If someone's looking to make money off charging others for their bad opinions, they better hustle. A policy like the Union Street Guest House's may not pass legal muster in the U.S. As reported by Alison Griswold at Slate:
If a policy like the one employed by Union Street Guest House were to wind up in court, it would most likely be struck down as illegal under a doctrine of contract law known as unconscionability. "It says if there's a surprise term in the contract that is so unfairly one-sided that one can doubt that a reasonable party would have knowingly agreed to it, that the clause cannot be enforced," Scott Michelman, an attorney with Public Citizen, says. "Nobody enters into a consumer contract expecting that they're going to be paying a fine if another consumer doesn't like the business."
And there's already a precedent for reputational-management user clauses being found laughable in a court of law: In June, a federal court fined online retailer KlearGear $306,750 in compensatory and punitive damages plus lawyers' fees, after the company cited its "disparagement clause" and attempted to charge a would-be customer $3500 for a negative review.
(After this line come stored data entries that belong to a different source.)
Lemma dmap_inv_bound (R : rcfType) (z : nat -> R) c0 : (c0 <= m)%N ->
  `|z c0| <= m.+1%:R * Num.sqrt (dsq z).
Proof.
set s := Num.sqrt (dsq z).
have s_ge0 : 0 <= s by apply: sqrtr_ge0.
have head c : (c < m)%N -> `|z c| <= c.+1%:R * s.
  elim: c => [|c IH] cm.
    have := dmap_le_sqrt z (ltn_trans cm (ltnW (ltnSn _))).
    by rewrite /dmap /prev cm subr0 mul1r.
  have := dmap_le_sqrt z (r := c.+1) (ltn_trans cm (ltnW (ltnSn _))).
  rewrite /dmap /prev cm => step; have := IH (ltnW cm) => zc.
  rewrite -(subrK (z c) (z c.+1)); apply: le_trans (ler_normD _ _) _.
  by rewrite -(addn1 c.+1) natrD mulrDl mul1r addrC lerD.
move=> c0m; have [c0m'|mc0] := ltnP c0 m.
  by apply: le_trans (head c0 c0m') _; apply: ler_wpM2r; rewrite // ler_nat ltnW.
have -> : c0 = m by apply/eqP; rewrite eqn_leq c0m mc0.
have := dmap_le_sqrt z (ltnSn m.+1).
rewrite /dmap ltnNge leqnSn /= (gtn_eqF (ltnSn m)) eqxx => last_diff.
have zm1 : `|z m.-1| <= m%:R * s.
  by rewrite -{2}(prednK m_gt0); apply: head; rewrite ltn_predL.
have -> : z m = z m.-1 - (z m.-1 - z m) by rewrite opprB addrC subrK.
apply: le_trans (ler_normB _ _) _.
by rewrite -(addn1 m) natrD mulrDl mul1r lerD.
Qed.

Lemma dmap_profile a b (t : int) (z : nat -> int) : (a <= b)%N -> (b <= m)%N ->
  (forall c, (c <= m)%N -> z c = ((a <= c)%N && (c < b)%N)%:Z + t * (c == m)%:Z) ->
  forall r, dmap z r = if (r < m)%N then (r == a)%:Z - (r == b)%:Z
            else if r == m then t - (((a < b)%N && (b == m))%:Z) *+ 2
            else if r == m.+1 then ((a < b)%N && (b == m))%:Z - t else 0.
Proof.
move=> ab bm zE r; have m1m : (m.-1 == m) = false by rewrite ltn_eqF // ltn_predL.
rewrite /dmap /prev; case: ifP => rm.
  rewrite zE ?(ltnW rm) // (ltn_eqF rm) mulr0 addr0.
  case: r rm => [|r] rm; first by lia.
  by rewrite zE ?(ltnW (ltnW rm)) // (ltn_eqF (ltnW rm)) mulr0 addr0; lia.
by case: ifP => _; [|case: ifP => // _];
  rewrite !zE ?leq_pred // eqxx m1m mulr0 addr0 mulr1; lia.
Qed.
However, there's a difference between lawyers or tech-news junkies knowing that and consumers reeling from a $500 sucker punch knowing this. Into the blissful gap of ignorance will step a startup promising to keep tabs on customers' online reviews and make them pay for smack talk. And a business desperate to control its online profile will pay.
That it, they'll pay until something, or someone, forces a legal case to make it clear throughout the land: Your privacy may be in flux, but your right as a U.S. consumer to leave your customer feedback without penalty will remain uncontested.